Molly Spence Sahebjami, a mother from Seattle, asked other parents of young children to write letters addressed to Trump Tower in New York about the importance of “being kind to other people, even if they’re different than you are.”
She launched a Facebook called “Dear President Trump: Letters from Kids About Kindness,” in which she asked if any other kids would like to write letters — that are kind in tone and nonpartisan — about how the issue affects the children personally. The parents were encouraged to share photos of the letter on social media with #kidsletterstotrump. They came pouring in.

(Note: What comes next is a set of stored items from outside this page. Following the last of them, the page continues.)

(* Let $T$ be a triangulation of the oriented 2-sphere (a simplicial complex), $R$ its vertex–edge incidence matrix ($R_{v,e}=1$ if $v\in e$, else $0$), and $E$ the edge–edge matrix defined below. Then $R\cdot E=0$.
   Context: $E=(E_{e,e'})_{e,e'\in\mathcal E(T)}$: if $e\neq e'$ lie in a common face whose edges in positive cyclic order are $\{a,b\},\{b,c\},\{c,a\}$, then $E_{e,e'}=-1$ if $e'$ immediately follows $e$ and $+1$ if $e'$ immediately precedes $e$; otherwise $E_{e,e'}=0$. *)

From mathcomp Require Import all_boot all_order all_algebra.
Set Implicit Arguments. Unset Strict Implicit. Unset Printing Implicit Defensive.
Import GRing.Theory Num.Theory.
Local Open Scope ring_scope.

Section Triang.
Variable V : finType.

(* A 2-dimensional simplicial complex on vertex set V is given by its set of
   triangles F (2-simplices); its edges are the 2-element subsets of triangles. *)
Definition edges (F : {set {set V}}) : {set {set V}} :=
  [set e : {set V} | (#|e| == 2)%N && [exists f in F, e \subset f]].

Definition vadj (F : {set {set V}}) : rel V :=
  fun u w => [exists f in F, (u \in f) && (w \in f)].

Definition linkrel (F : {set {set V}}) (v : V) : rel V :=
  fun u w => [set u; v; w] \in F.

Definition in_link (F : {set {set V}}) (v u : V) : bool :=
  (u != v) && [exists f in F, (u \in f) && (v \in f)].

(* Combinatorial triangulation of the 2-sphere: a pure 2-dimensional finite
   simplicial complex with vertex set V which is a closed combinatorial surface
   (every edge in exactly two triangles, every vertex link a single cycle),
   connected, with Euler characteristic 2. *)
Definition sphere_triangulation (F : {set {set V}}) : Prop :=
  [/\ forall f, f \in F -> #|f| = 3%N,
      forall v : V, (exists2 f, f \in F & v \in f),
      forall e, e \in edges F -> #|[set f in F | e \subset f]| = 2%N,
      forall v u w, in_link F v u -> in_link F v w -> connect (linkrel F v) u w
    & [/\ forall u w : V, connect (vadj F) u w
        & (#|V|%:Z - #|edges F|%:Z + #|F|%:Z = 2)%R]].

(* oriented triangle (a,b,c) = triangle {a,b,c} with cyclic order a -> b -> c *)
Definition face_of (t : V * V * V) : {set V} := [set t.1.1; t.1.2; t.2].

(* An orientation: for every triangle the set of ordered triples listing it in
   its positive cyclic order (closed under cyclic rotation, exactly one of the
   two cyclic orders), coherent: each directed edge (a,b) is traversed by at most
   one positively oriented triangle. *)
Definition orientation (F : {set {set V}}) (O : {set V * V * V}) : Prop :=
  [/\ forall t, t \in O -> face_of t \in F,
      forall f, f \in F -> exists2 t, t \in O & face_of t = f,
      forall a b c, (a, b, c) \in O -> (b, c, a) \in O,
      forall a b c, (a, b, c) \in O -> (a, c, b) \notin O
    & forall a b c c', (a, b, c) \in O -> (a, b, c') \in O -> c = c'].

Definition incR (v : V) (e : {set V}) : int := (v \in e)%:R.

Definition edgeE (O : {set V * V * V}) (e e' : {set V}) : int :=
  if [exists t in O, (e == [set t.1.1; t.1.2]) && (e' == [set t.1.2; t.2])]
  then -1
  else if [exists t in O, (e' == [set t.1.1; t.1.2]) && (e == [set t.1.2; t.2])]
  then 1 else 0.

End Triang.

From mathcomp Require Import all_boot all_order all_algebra.
From mathcomp Require Import ring.
Set Implicit Arguments. Unset Strict Implicit. Unset Printing Implicit Defensive.
Import GRing.Theory Num.Theory.
Local Open Scope ring_scope.

(* An edge {x,y} lies in exactly two triangles, and coherence forces them to
   be oriented (x,y,c) and (y,x,d).  Hence the column of E at {x,y} is
   [{y,c}] + [{x,d}] - [{c,x}] - [{d,y}], and applying R sends each edge
   {a,b} to [a] + [b]; every vertex then appears once with each sign. *)

Lemma cards3_neq (V : finType) (a b c : V) :
  #|[set a; b; c]| = 3%N -> [/\ a != b, b != c & a != c].
Proof.
rewrite -setUA cardsU1 cards2 !inE negb_or.
by case: (a == b); case: (a == c); case: (b == c).
Qed.

Lemma set3_rotl (V : finType) (a b c : V) : [set a; b; c] = [set b; c; a].
Proof. by apply/setP => z; rewrite !inE -orbA orbC. Qed.

Lemma set2_eq_cases (V : finType) (a b x y : V) : x != y ->
  [set a; b] = [set x; y] -> (a = x /\ b = y) \/ (a = y /\ b = x).
Proof.
move=> xy eq_ab.
have /set2P[] : a \in [set x; y] by rewrite -eq_ab set21.
- move=> ax; have /set2P[] : b \in [set x; y] by rewrite -eq_ab set22.
  + move=> bx; have : y \in [set a; b] by rewrite eq_ab set22.
    by rewrite ax bx !inE orbb eq_sym (negbTE xy).
  + by left.
- move=> ay; have /set2P[] : b \in [set x; y] by rewrite -eq_ab set22.
  + by right.
  + move=> by_; have : x \in [set a; b] by rewrite eq_ab set21.
    by rewrite ay by_ !inE orbb (negbTE xy).
Qed.

Lemma set2_in_edges (V : finType) (F : {set {set V}}) f a b :
  f \in F -> a \in f -> b \in f -> a != b -> [set a; b] \in edges F.
Proof.
move=> fF af bf ab; rewrite inE cards2 ab /=; apply/existsP; exists f.
by rewrite fF; apply/subsetP => z /set2P[] ->.
Qed.

Lemma sum_mul_indicator (T : finType) (R : pzSemiRingType) (A S : {set T}) (g : T -> R) :
  S \subset A -> \sum_(e in A) g e * (e \in S)%:R = \sum_(e in S) g e.
Proof.
move=> sSA; rewrite (big_setID S) /= (setIidPr sSA).
rewrite [X in _ + X]big1 ?addr0 => [|e /setDP[_ /negbTE ->]]; last by rewrite mulr0.
by apply: eq_bigr => e ->; rewrite mulr1.
Qed.

Lemma sum_set2 (T : finType) (R : nmodType) (p q : T) (g : T -> R) :
  p != q -> \sum_(e in [set p; q]) g e = g p + g q.
Proof. by move=> pq; rewrite big_setU1 ?big_set1 // inE. Qed.

Lemma incR_set2 (V : finType) (v a b : V) :
  a != b -> incR v [set a; b] = (v == a)%:R + (v == b)%:R.
Proof.
move=> ab; rewrite /incR !inE.
by case: eqP => [-> | _]; rewrite ?(negbTE ab) ?addr0 ?add0r.
Qed.

Section OrientedTriangulation.
Variables (V : finType) (F : {set {set V}}) (O : {set V * V * V}).
Hypothesis F_card3 : forall f, f \in F -> #|f| = 3%N.
Hypothesis O_orient : orientation F O.

Lemma orient_rotr a b c : (a, b, c) \in O -> (c, a, b) \in O.
Proof. by case: O_orient => _ _ Orot _ _ /Orot /Orot. Qed.

Lemma orient_neq a b c : (a, b, c) \in O -> [/\ a != b, b != c & a != c].
Proof. by case: O_orient => Of _ _ _ _ /Of /F_card3 /cards3_neq. Qed.

Lemma orient_face f x y : f \in F -> x \in f -> y \in f -> x != y ->
  (exists2 z, (x, y, z) \in O & face_of (x, y, z) = f) \/
  (exists2 z, (y, x, z) \in O & face_of (y, x, z) = f).
Proof.
case: O_orient => _ Oex Orot _ _ /Oex[[[a b] c] abcO <-].
have /orient_neq[ab bc ac] := abcO.
have bcaO := Orot _ _ _ abcO; have cabO := Orot _ _ _ bcaO.
rewrite /face_of /= !inE.
case/orP=> [/orP[]|] /eqP ->; case/orP=> [/orP[]|] /eqP -> //; rewrite ?eqxx // => _.
- by left; exists c.
- by right; exists b; rewrite // /face_of /= set3_rotl.
- by right; exists c.
- by left; exists a; rewrite // /face_of /= -set3_rotl.
- by left; exists b; rewrite // /face_of /= set3_rotl.
- by right; exists a; rewrite // /face_of /= -set3_rotl.
Qed.

Lemma edge_opposite_faces e : e \in edges F ->
  #|[set f in F | e \subset f]| = 2%N ->
  exists x y c d, [/\ e = [set x; y], (x, y, c) \in O & (y, x, d) \in O].
Proof.
case: O_orient => _ _ _ _ Ocoh.
rewrite inE => /andP[/cards2P[x [y [xy ->]]] _] /eqP/cards2P[f1 [f2 [f12 faces_e]]].
have : f1 \in [set f in F | [set x; y] \subset f] by rewrite faces_e set21.
rewrite inE => /andP[f1F /subsetP s1].
have : f2 \in [set f in F | [set x; y] \subset f] by rewrite faces_e set22.
rewrite inE => /andP[f2F /subsetP s2].
have o1 := orient_face f1F (s1 _ (set21 _ _)) (s1 _ (set22 _ _)) xy.
have o2 := orient_face f2F (s2 _ (set21 _ _)) (s2 _ (set22 _ _)) xy.
move: f12; case: o1 o2 => -[p pO <-] [] [q qO <-].
- by rewrite (Ocoh _ _ _ _ pO qO) eqxx.
- by move=> _; exists x, y, p, q.
- by move=> _; exists x, y, q, p.
- by rewrite (Ocoh _ _ _ _ pO qO) eqxx.
Qed.

Variables x y c d : V.
Hypotheses (xycO : (x, y, c) \in O) (yxdO : (y, x, d) \in O).

Lemma apexes_neq : c != d.
Proof.
case: O_orient => _ _ _ Oanti _.
apply/eqP => cd; move: (Oanti _ _ _ (orient_rotr xycO)).
by rewrite cd (orient_rotr yxdO).
Qed.

Definition edges_before : {set {set V}} := [set [set c; x]; [set d; y]].
Definition edges_after : {set {set V}} := [set [set y; c]; [set x; d]].

Lemma edge_precedesE e :
  [exists t in O, (e == [set t.1.1; t.1.2]) && ([set x; y] == [set t.1.2; t.2])]
  = (e \in edges_before).
Proof.
have [xy _ _] := orient_neq xycO.
case: O_orient => _ _ Orot _ Ocoh.
rewrite !inE; apply/existsP/idP.
- case=> -[[a b] z] /= /and3P[/Orot bzaO /eqP -> /eqP/esym/(set2_eq_cases xy)].
  case=> -[eb ez]; rewrite eb ez in bzaO *.
  + by rewrite (Ocoh _ _ _ _ bzaO xycO) eqxx.
  + by rewrite (Ocoh _ _ _ _ bzaO yxdO) eqxx orbT.
- case/orP=> /eqP ->; [exists (c, x, y) | exists (d, y, x)].
  + by rewrite (orient_rotr xycO) !eqxx.
  + by rewrite (orient_rotr yxdO) eqxx setUC eqxx.
Qed.

Lemma edge_followsE e :
  [exists t in O, ([set x; y] == [set t.1.1; t.1.2]) && (e == [set t.1.2; t.2])]
  = (e \in edges_after).
Proof.
have [xy _ _] := orient_neq xycO.
case: O_orient => _ _ _ _ Ocoh.
rewrite !inE; apply/existsP/idP.
- case=> -[[a b] z] /= /and3P[tO /eqP/esym/(set2_eq_cases xy) + /eqP ->].
  case=> -[ea eb]; rewrite ea eb in tO *.
  + by rewrite (Ocoh _ _ _ _ tO xycO) eqxx.
  + by rewrite (Ocoh _ _ _ _ tO yxdO) eqxx orbT.
- case/orP=> /eqP ->; [exists (x, y, c) | exists (y, x, d)].
  + by rewrite xycO !eqxx.
  + by rewrite yxdO setUC !eqxx.
Qed.

Lemma edges_before_after_disjoint e : e \in edges_before -> e \notin edges_after.
Proof.
have [xy yc xc] := orient_neq xycO; have [_ xd yd] := orient_neq yxdO.
have cd := apexes_neq.
rewrite !inE negb_or => /orP[] /eqP ->; apply/andP; split.
- by apply: contraTneq (set22 c x) => ->; rewrite !inE negb_or xy xc.
- by apply: contraTneq (set21 c x) => ->; rewrite !inE negb_or (eq_sym c x) xc cd.
- by apply: contraTneq (set21 d y) => ->;
    rewrite !inE negb_or (eq_sym d y) (eq_sym d c) yd cd.
- by apply: contraTneq (set22 d y) => ->; rewrite !inE negb_or (eq_sym y x) xy yd.
Qed.

Lemma edgeE_column e :
  edgeE O e [set x; y] = (e \in edges_after)%:R - (e \in edges_before)%:R.
Proof.
rewrite /edgeE edge_precedesE edge_followsE.
have [eB | eNB] := boolP (e \in edges_before).
  by rewrite (negbTE (edges_before_after_disjoint eB)) sub0r.
by rewrite subr0; case: (e \in edges_after).
Qed.

Lemma edges_before_after_sub : (edges_before :|: edges_after) \subset edges F.
Proof.
case: O_orient => Of _ _ _ _.
have [xy yc xc] := orient_neq xycO; have [_ xd yd] := orient_neq yxdO.
apply/subsetP => e; rewrite in_setU !in_set2 -!orbA.
case/or4P=> /eqP ->; [apply: set2_in_edges (Of _ xycO) _ _ _ |
  apply: set2_in_edges (Of _ yxdO) _ _ _ | apply: set2_in_edges (Of _ xycO) _ _ _ |
  apply: set2_in_edges (Of _ yxdO) _ _ _]; by rewrite ?inE ?eqxx ?orbT // eq_sym.
Qed.

Lemma sum_incR_edgeE_column v :
  \sum_(e in edges F) incR v e * edgeE O e [set x; y] = 0.
Proof.
have [xy yc xc] := orient_neq xycO; have [_ xd yd] := orient_neq yxdO.
have cd := apexes_neq; have cx : c != x by rewrite eq_sym.
have dy : d != y by rewrite eq_sym.
have /subUsetP[sB sA] := edges_before_after_sub.
under eq_bigr => e _ do rewrite edgeE_column mulrBr.
rewrite sumrB !sum_mul_indicator // !sum_set2; first last.
- by apply: contraTneq (set21 y c) => ->; rewrite !inE negb_or (eq_sym y x) xy yd.
- by apply: contraTneq (set21 c x) => ->; rewrite !inE negb_or cd (eq_sym c y) yc.
by rewrite !incR_set2 //; ring.
Qed.

End OrientedTriangulation.

Theorem lemma1 (V : finType) (F : {set {set V}}) (O : {set V * V * V}) :
  sphere_triangulation F -> orientation F O ->
  forall (v : V) (e' : {set V}), e' \in edges F ->
    \sum_(e in edges F) incR v e * edgeE O e e' = 0.
Proof.
move=> [F_card3 _ F_edge2 _ _] O_orient v e' e'F.
have [x [y [c [d [-> xycO yxdO]]]]] :=
  edge_opposite_faces F_card3 O_orient e'F (F_edge2 _ e'F).
exact (sum_incR_edgeE_column F_card3 O_orient xycO yxdO v).
Qed.
(* Let $q>1$ and $m,n\in\mathbb{N}$. Then $U_{n,q}(e_m;z)$ is a polynomial in $z$ of degree at most $\min(m,n)$, and \[U_{n,q}(e_m;z)=\frac{[n-1]_q!}{[n+m-1]_q!}\sum_{s=1}^m S_q(m,s)\,[n]_q^s\,B_{n,q}(e_s;z).\]
   Context: For an integer $n\ge 0$ and $p>0$: $[n]_p=1+p+\dots+p^{n-1}$ ($[0]_p=0$), $[n]_p!=[1]_p\cdots[n]_p$ ($[0]_p!=1$), $\left[\begin{smallmatrix}n\\k\end{smallmatrix}\right]_p=\frac{[n]_p!}{[k]_p![n-k]_p!}$. For $z\in\mathbb{C}$, $(1-z)_p^n=\prod_{s=0}^{n-1}(1-p^s z)$ and $p_{n,k}(p;z)=\left[\begin{smallmatrix}n\\k\end{smallmatrix}\right]_p z^k(1-z)_p^{n-k}$. For $0<p<1$, $\int_0^1 g(t)\,d_pt=(1-p)\sum_{j=0}^\infty g(p^j)p^j$. For $q>1$, $n\in\mathbb{N}$ and $f:[0,1]\to\mathbb{C}$, \[U_{n,q}(f;z)=f(0)p_{n,0}(q;z)+f(1)p_{n,n}(q;z)+[n-1]_{q^{-1}}\sum_{k=1}^{n-1}q^{k-1}p_{n,k}(q;z)\int_0^1 p_{n-2,k-1}(q^{-1};q^{-1}t)\,f(q^{k-n}t)\,d_{q^{-1}}t\] (sum empty for $n=1$). $e_m(t)=t^m$. The numbers $S_q(m,s)$ are defined by the polynomial identity $\prod_{s=0}^{m-1}(q^sx+[s]_q)=\sum_{s=1}^m S_q(m,s)x^s$ in the variable $x$ (so that $[k]_q[k+1]_q\cdots[k+m-1]_q=\sum_{s=1}^mS_q(m,s)[k]_q^s$). $B_{n,q}(e_s;z)=\sum_{k=0}^n\left(\frac{[k]_q}{[n]_q}\right)^s p_{n,k}(q;z)$ is the $q$-Bernstein polynomial of $e_s$. *)

From HB Require Import structures.
From mathcomp Require Import all_boot all_order all_algebra.
From mathcomp Require Import all_classical all_reals.
From mathcomp Require Import topology normedtype sequences.
From mathcomp Require Import complex.
Set Implicit Arguments. Unset Strict Implicit. Unset Printing Implicit Defensive.
Import Order.TTheory GRing.Theory Num.Theory.
Import numFieldNormedType.Exports.
Local Open Scope ring_scope.

Section QDefs.
Variable F : fieldType.
Lemma casoratian_eps_eq1 m :
  (a m.+1)%:C * (eps I w p m z * cpoly (p m.+1) z - cpoly (p m) z * eps I w p m.+1 z) = 1.
Proof.
have epsE n : eps I w p n z = stieltjes (p n) by [].
have [c p0E] : exists c, p 0%N = c%:P.
  by exists (p 0%N)`_0; apply/size1_polyC; rewrite size_p0.
have c_neq0 : c != 0 by rewrite -polyC_eq0 -p0E -size_poly_eq0 size_p0.
elim: m => [|m IH]; rewrite !epsE.
- have rec0' : a 1%N *: p 1%N = ('X - (b 0%N)%:P) * p 0%N - 0 *: p 0%N.
    by rewrite scale0r subr0.
  have hP := cpoly_recurrence z rec0'.
  have hE := cauchy_transform_recurrence rec0'.
  transitivity (stieltjes (p 0%N) * ((a 1%N)%:C * cpoly (p 1%N) z)
                - cpoly (p 0%N) z * ((a 1%N)%:C * stieltjes (p 1%N))); first by ring.
  have cP0 : cpoly (p 0%N) z = c%:C by rewrite p0E /cpoly map_polyC hornerC.
  have cJ : c * Rintegral mu D (fun s => (p 0%N).[s] * w s) = 1.
    by rewrite (Rintegral_orthonormal_weight 0 p0E).
  rewrite hP hE cP0 rmorph0 !mul0r !subr0 -(rmorph1 (real_complex R)) -cJ rmorphM /=.
  ring.
- rewrite !epsE in IH.
  have hP := cpoly_recurrence z (rec m).
  have hE := cauchy_transform_recurrence (rec m).
  have := Rintegral_orthonormal_weight m.+1 p0E; rewrite /= => /eqP.
  rewrite mulf_eq0 (negbTE c_neq0) /= => /eqP I0.
  transitivity (stieltjes (p m.+1) * ((a m.+2)%:C * cpoly (p m.+2) z)
                - cpoly (p m.+1) z * ((a m.+2)%:C * stieltjes (p m.+2))); first by ring.
  by rewrite hP hE I0 rmorph0 -IH; ring.
Qed.
End StieltjesFunctions.

Lemma cderive_div {R : rcfType} (f g : R[i] -> R[i]) z :
  cderivable f z -> cderivable g z -> g z != 0 ->
  cderive (fun u => f u / g u) z
  = (cderive f z * g z - f z * cderive g z) / g z ^+ 2.
Proof.
move=> df dg gz; rewrite {1}/cderive derive1E.
rewrite (deriveM df (derivableV gz dg)) (deriveV gz dg) -!derive1E.
rewrite -/(cderive f z) -/(cderive g z).
move: (cderive f z) (cderive g z) => Df Dg.
rewrite -![_ *: _]/(_ * _); move: (f z) (g z) gz => x y y0.
by field.
Qed.

Lemma casoratian_quotient_identity {F : fieldType} (a W V E E' E0 P P' P0 u u' : F) :
  a * (E0 * P - P0 * E) = 1 -> W * u' = 2 * V * u -> u != 0 ->
  W * ((E' * u - E * u') / u ^+ 2)
  = (a * W * (E0 * P' - P0 * E') + a * V * (E0 * P + E * P0) - V) * (E / u)
    - a * (W * (E * P' - P * E') + 2 * V * E * P) * (E0 / u).
Proof.
move=> casoratian Wu u_neq0.
transitivity ((W * E' - 2 * V * E) / u).
  transitivity ((W * E' * u - E * (W * u')) / u ^+ 2); first by ring.
  by rewrite Wu; field; rewrite u_neq0.
have -> : W * E' - 2 * V * E
          = (W * E' - V * E) * (a * (E0 * P - P0 * E)) - V * E.
  by rewrite casoratian; ring.
by ring.
Qed.
(* Let the configuration space be $\mathbb{R}^n$ with each coordinate an independent double integrator $\ddot q_i=a_i$, $a_i\in[-1,1]$, and let $q_I,q_G\in\mathcal{C}_{free}$. Any piecewise-linear path $\tau:[0,1]\to\mathcal{C}_{free}$ with $\tau(0)=q_I$, $\tau(1)=q_G$ is converted by the bang-bang transform into an acceleration control $a(\cdot):[0,t_F]\to[-1,1]^n$ whose state trajectory from $x_I=(q_I,\mathbf{0})$ lies in $X_{free}=\{(q,\dot q): q\in\mathcal{C}_{free}\}$ and reaches $x_G=(q_G,\mathbf{0})$ at time $t_F$; i.e., it yields a solution to the rest-to-rest kinodynamic planning problem for the double integrator system.
   Context: $\mathcal{C}_{free}$ is the open set of collision-free configurations. Bang-bang transform: for each edge of $\tau$ from vertex $q$ to the next vertex $q'$, let $v=q'-q$, $\hat v=v/\|v\|$, $s=\max_i|\hat v_i|$, acceleration vector $a=\hat v/s$ and $t=\sqrt{s\|v\|}$; the edge control is apply $a$ for time $t$ then $-a$ for time $t$. The edge controls are concatenated in order along the path. *)

From HB Require Import structures.
From mathcomp Require Import all_boot all_order all_algebra.
From mathcomp Require Import all_classical all_reals all_analysis.
Set Implicit Arguments. Unset Strict Implicit. Unset Printing Implicit Defensive.
Import Order.TTheory GRing.Theory Num.Theory numFieldNormedType.Exports.
Local Open Scope classical_set_scope.
Local Open Scope ring_scope.

Section BangBang.
Variables (R : realType) (n : nat).

Definition enorm (v : 'rV[R]_n) : R := Num.sqrt (\sum_(i < n) (v 0 i) ^+ 2).

(* A piecewise-constant acceleration control: a sequence of pieces
   (acceleration vector, duration), applied one after the other. *)
Definition control := seq ('rV[R]_n * R).

Definition edge_ctrl (q q' : 'rV[R]_n) : control :=
  let v := q' - q in
  let vh := (enorm v)^-1 *: v in
  let s := \big[Num.max/0]_(i < n) `|vh 0 i| in
  let a := s^-1 *: vh in
  let t := Num.sqrt (s * enorm v) in
  [:: (a, t); (- a, t)].

(* Bang-bang transform of the piecewise-linear path with vertices q :: qs:
   concatenation of the edge controls in order. *)
Fixpoint bang_bang (q : 'rV[R]_n) (qs : seq 'rV[R]_n) : control :=
  if qs is q' :: qs' then edge_ctrl q q' ++ bang_bang q' qs' else [::].

Definition duration (u : control) : R := \sum_(c <- u) c.2.

(* Value of the control at time t (right-continuous convention;
   0 after the end). *)
Fixpoint ctrl_at (u : control) (t : R) : 'rV[R]_n :=
  if u is (a, d) :: u' then (if t < d then a else ctrl_at u' (t - d))
  else 0.

Fixpoint switch_times (u : control) (t0 : R) : seq R :=
  if u is (_, d) :: u' then (t0 + d) :: switch_times u' (t0 + d) else [::].

Fixpoint segments_in (C : set 'rV[R]_n) (q : 'rV[R]_n) (qs : seq 'rV[R]_n)
  : Prop :=
  if qs is q' :: qs' then
    (forall l : R, 0 <= l <= 1 -> C ((1 - l) *: q + l *: q')) /\
    segments_in C q' qs'
  else True.

(* (q, p) is the state trajectory (position, velocity) on [0, tF] of the
   double integrator  q'' = u(t)  started at (q0, p0):
   q, p continuous on [0,tF], q' = p on ]0,tF[, and p' = u(t) on ]0,tF[
   except at the (finitely many) switching times of u. *)
Definition DI_trajectory (u : control) (q0 p0 : 'rV[R]_n)
  (q p : R -> 'rV[R]_n) : Prop :=
  let tF := duration u in
  [/\ q 0 = q0 /\ p 0 = p0,
      {within `[0, tF], continuous q},
      {within `[0, tF], continuous p},
      (forall t, 0 < t < tF -> is_derive t 1 q (p t)) &
      (forall t, 0 < t < tF -> t \notin switch_times u 0 ->
         is_derive t 1 p (ctrl_at u t))].

End BangBang.

From HB Require Import structures.
From mathcomp Require Import all_boot all_order all_algebra.
From mathcomp Require Import all_classical all_reals all_analysis.
From mathcomp Require Import lra.
Import Order.TTheory GRing.Theory Num.Theory numFieldNormedType.Exports.
Local Open Scope classical_set_scope.
Local Open Scope ring_scope.

Set Implicit Arguments.
Unset Strict Implicit.
Unset Printing Implicit Defensive.

(* The state trajectory is given in closed form.  With the ramp
   r_c(t) = max(t - c, 0) and the Heaviside step H_c, an edge with acceleration
   vector a and half-duration T started at time s contributes
     position      (r_s^2 - 2 r_(s+T)^2 + r_(s+2T)^2)/2 * a,
     velocity      (r_s - 2 r_(s+T) + r_(s+2T)) * a,
     acceleration  (H_s - 2 H_(s+T) + H_(s+2T)) * a,
   and the trajectory is the sum of these contributions over the edges.  The
   position coefficient grows from 0 to T^2 and then stays constant, the
   velocity coefficient vanishes outside [s, s + 2T], and T^2 a = q' - q; hence
   during each edge the configuration moves along the segment [q, q'] and it
   comes to rest exactly at q'.  Finally |a_i| <= 1 because a is the unit
   direction divided by its largest coordinate. *)

Section DeriveScalarTimesVector.
Variables (R : numFieldType) (V : normedModType R).

Lemma is_deriveZl (f : R -> R) (a : V) (x df : R) :
  is_derive x 1 f df -> is_derive x 1 (fun t => f t *: a) (df *: a).
Proof.
move=> [fx <-].
have quot_cvg : (fun h : R => h^-1 *: (((fun t => f t *: a) \o shift x) (h *: 1) - f x *: a))
    @ 0^' --> 'D_1 f x *: a.
  rewrite [X in X @ _](_ : _ = fun h => (h^-1 *: ((f \o shift x) (h *: 1) - f x)) *: a).
    exact: cvgZr_tmp fx.
  by apply/funext => h /=; rewrite -scalerBl scalerA.
by apply: DeriveDef; [apply/cvg_ex; eexists; exact: quot_cvg | exact: cvg_lim quot_cvg].
Qed.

“These kids may not have known much about manufacturing jobs, and NAFTA, and wars, and the other reasons being explained as to why Trump won,” Sahebjami told Yahoo News. “But they did know they heard Trump say really unkind things about many people — about people in wheelchairs, about women, about overweight people, about brown-skinned people from other countries.”
She said she had Republican friends and family who were also disturbed by Trump’s remarks that were “unkind at a basic, human level.”
“So the idea sprouted to help these kids deal with concern by doing something very American, and positive and productive: writing letters to the president-elect,” she said.
It all started when her 5-year-old son Calvin expressed disappointment that “the mean man” won. She suggested that he could write Trump a letter to help him be kinder.
Sahebjami said she did not include Calvin’s letter on the Facebook page because she did not want the focus to be on them her family. She described the project as a nonpartisan, global grassroots campaign.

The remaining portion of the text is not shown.